Rangoon Chief Minister Attempts to Defuse Electricity Concerns         

By San Yamin Aung 31 May 2016

RANGOON — Rangoon Chief Minister Phyo Min Thein said on Tuesday that Burma’s commercial capital will continue to face blackouts in the coming months as attempts are made to address the city’s weak power cables and growing electricity demands.

“We need to think about the long-term, sustainable reconstruction of underground cables that were weak in the past due to the government’s limited budget and lack of a master plan,” Phyo Min Thein said at a press conference at the Yangon Electricity Supply Corporation.

He added that blackouts throughout Rangoon in recent days have been due to a combination of scorching temperatures and heavy rain, which have damaged power cables.

“We need to repair these cables, which will take some time. During this period, we could experience some additional blackouts,” Phyo Min Thein explained, saying that advanced warning of power outages will be given to the public through media.

“We’ll make an announcement, but these blackouts will be because of maintenance and repair of underground cables and cable towers [and not due to an insufficient electricity supply].”

Burma’s former capital uses more than half of the country’s total electricity consumption, some 1,150 megawatts, a demand the chief minister said is difficult to meet.

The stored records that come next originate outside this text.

Lemma sum_chi_conjC_mul x y : x \in G -> y \in G ->
  \sum_(1 <= a < #|G|.+1) (chi G g a x)^* * chi G g a y
    = if x == y then #|G|%:R else 0.
Proof.
move=> xG yG.
have [i gi_x] := subgroup_exprP xG; have [j gj_y] := subgroup_exprP yG.
have w_prim := omega_prim card_subgroup_gt0.
pose r := w ^+ j * (w ^+ i)^*.
have chi_r a : (chi G g a x)^* * chi G g a y = r ^+ a.
  rewrite (chiE a xG gi_x) (chiE a yG gj_y) /r [RHS]exprMn -rmorphXn -!exprM.
  by rewrite mulrC [(a * i)%N]mulnC [(a * j)%N]mulnC.
rewrite (eq_bigr _ (fun a _ => chi_r a)) big_add1 big_mkord.
under eq_bigr do rewrite exprS.
rewrite -mulr_sumr sum_prim_root_expr_conjC ?ltn_ord //.
have -> : (x == y) = (j == i :> nat).
  apply/eqP/eqP => [xy | ji]; last by rewrite -gi_x -gj_y ji.
  by apply: subgroup_expr_inj; rewrite ?ltn_ord // gi_x gj_y xy.
case: eqP => [ji | _]; last by rewrite mulr0.
have r1 : r = 1.
  by apply/eqP; rewrite /r (prim_root_mul_conjC_eq1 w_prim) ?ltn_ord ?ji.
by rewrite r1 mul1r.
Qed.

Lemma coef_mul_fvec a (h : F -> algC) y : y \in G ->
  coef G g a h * fvec G g a y
    = #|G|%:R^-1 * \sum_(c in G) h (c * y) * (chi G g a c)^*.
Proof.
move=> yG; pose s := (sqrtC (#|G|%:R : algC))^-1.
have s_real : s^* = s by rewrite geC0_conj // invr_ge0 sqrtC_ge0 ler0n.
have s_sqr : s * s = #|G|%:R^-1 by rewrite -invfM -expr2 sqrtCK.
rewrite /coef /fvec -/s mulr_suml (big_subgroup_mulr yG) mulr_sumr.
apply: eq_bigr => c cG; rewrite (chiM a cG yG) !rmorphM /= s_real -s_sqr.
have := chi_mul_conjC a yG; set X := chi G g a y => X_unit.
transitivity (s * s * (h (c * y) * (chi G g a c)^*) * (X * X^*)); first by ring.
by rewrite X_unit mulr1.
Qed.

Lemma sum_coef_fvec (h1 h2 : F -> algC) x y : x \in G -> y \in G ->
  \sum_(1 <= a < #|G|.+1)
      coef G g a h1 * (coef G g a h2)^* * (fvec G g a y * (fvec G g a x)^*)
    = #|G|%:R^-1 * \sum_(c in G) h1 (c * y) * (h2 (c * x))^*.
Proof.
move=> xG yG; set T := (#|G|%:R : algC).
have T_neq0 : T != 0 by rewrite pnatr_eq0 -lt0n card_subgroup_gt0.
have T_real : (T^-1)^* = T^-1 by rewrite geC0_conj // invr_ge0 ler0n.
transitivity (\sum_(1 <= a < #|G|.+1) T^-1 * T^-1 *
    \sum_(c in G) \sum_(c' in G)
      h1 (c * y) * (h2 (c' * x))^* * ((chi G g a c)^* * chi G g a c')).
  apply: eq_bigr => a _.
  have regroup (c1 c2 f1 f2 : algC) :
      c1 * c2^* * (f1 * f2^*) = (c1 * f1) * (c2 * f2)^*.
    by rewrite rmorphM; ring.
  rewrite regroup !coef_mul_fvec // -/T rmorphM /= T_real mulrACA; congr (_ * _).
  rewrite rmorph_sum mulr_suml; apply: eq_bigr => c _.
  rewrite mulr_sumr; apply: eq_bigr => c' _.
  by rewrite rmorphM /= conjCK; ring.
rewrite -mulr_sumr exchange_big /=.
rewrite (eq_bigr (fun c => T * (h1 (c * y) * (h2 (c * x))^*))); last first.
  move=> c cG; rewrite exchange_big /= (bigD1 c) //= [X in _ + X]big1.
    by rewrite addr0 -mulr_sumr sum_chi_conjC_mul // eqxx mulrC.
  move=> c' /andP[c'G c'_neq_c].
  by rewrite -mulr_sumr sum_chi_conjC_mul // eq_sym (negbTE c'_neq_c) mulr0.
by rewrite -mulr_sumr; field.
Qed.

End SubgroupCharacters.

Theorem lemma8 (F : finFieldType) (G : {set F}) (g : F) (h1 h2 gf : F -> algC) :
  is_mult_subgroup G ->
  (#|F|.-1).-primitive_root g ->
  supported_on G h1 -> supported_on G h2 ->
  (#|G|%:R)^-1 * \sum_(c in G) Tform G gf (dil h1 c) (dil h2 c)
  = \sum_(1 <= a < #|G|.+1)
      coef G g a h1 * Num.conj (coef G g a h2) *
      Tform G gf (fvec G g a) (fvec G g a).
Proof.
move=> G_subgroup g_prim _ _; rewrite /Tform /dil.
transitivity (\sum_(x in G) \sum_(y in G) gf (x - y) *
    (#|G|%:R^-1 * \sum_(c in G) h1 (c * y) * (h2 (c * x))^*)).
  rewrite mulr_sumr; under eq_bigr do rewrite mulr_sumr.
  under eq_bigr do under eq_bigr do rewrite mulr_sumr.
  rewrite exchange_big; apply: eq_bigr => x _.
  rewrite exchange_big; apply: eq_bigr => y _.
  by rewrite !mulr_sumr; apply: eq_bigr => c _; ring.
transitivity (\sum_(x in G) \sum_(y in G) \sum_(1 <= a < #|G|.+1) gf (x - y) *
    (coef G g a h1 * (coef G g a h2)^* * (fvec G g a y * (fvec G g a x)^*))).
  apply: eq_bigr => x xG; apply: eq_bigr => y yG.
  by rewrite -mulr_sumr sum_coef_fvec.
under eq_bigr do rewrite exchange_big.
rewrite exchange_big; apply: eq_bigr => a _.
rewrite mulr_sumr; apply: eq_bigr => x _.
by rewrite mulr_sumr; apply: eq_bigr => y _; ring.
Qed.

“This demand is likely to increase in Rangoon, as over 200 high-rise buildings, some 500 hotels and many other new projects are being constructed. It will continue to be a struggle to distribute a sufficient supply of electricity in the coming months,” Phyo Min Thein said.

The newly sworn-in National League for Democracy (NLD)-led government has been criticized for the frequent power outages across the country. Lower House Speaker Win Myint also stressed during a parliamentary session on Tuesday that the Ministry of Electric Power and Energy solve the problem. Even local newspapers have chimed in, with cartoons mocking Rangoon’s electricity situation as worse now than it was under the previous government.

“The new government is attempting to find a way to begin addressing [this problem] within 60 days,” Phyo Min Thein told reporters at the press conference.

He said that Rangoon’s regional government is discussing with companies and international organizations how to meet electricity demands, a goal they hope to achieve by next year.

“Currently, we need to get an additional 400 megawatts [for Rangoon]. One challenge will be the cost. It costs at least 130 kyats (US$0.11) per unit [to purchase the gas]. At present, we’re only collecting 35 kyats ($0.03) per unit for under 100 units from consumers. We’ll have to further discuss this price,” Phyo Min Thein said.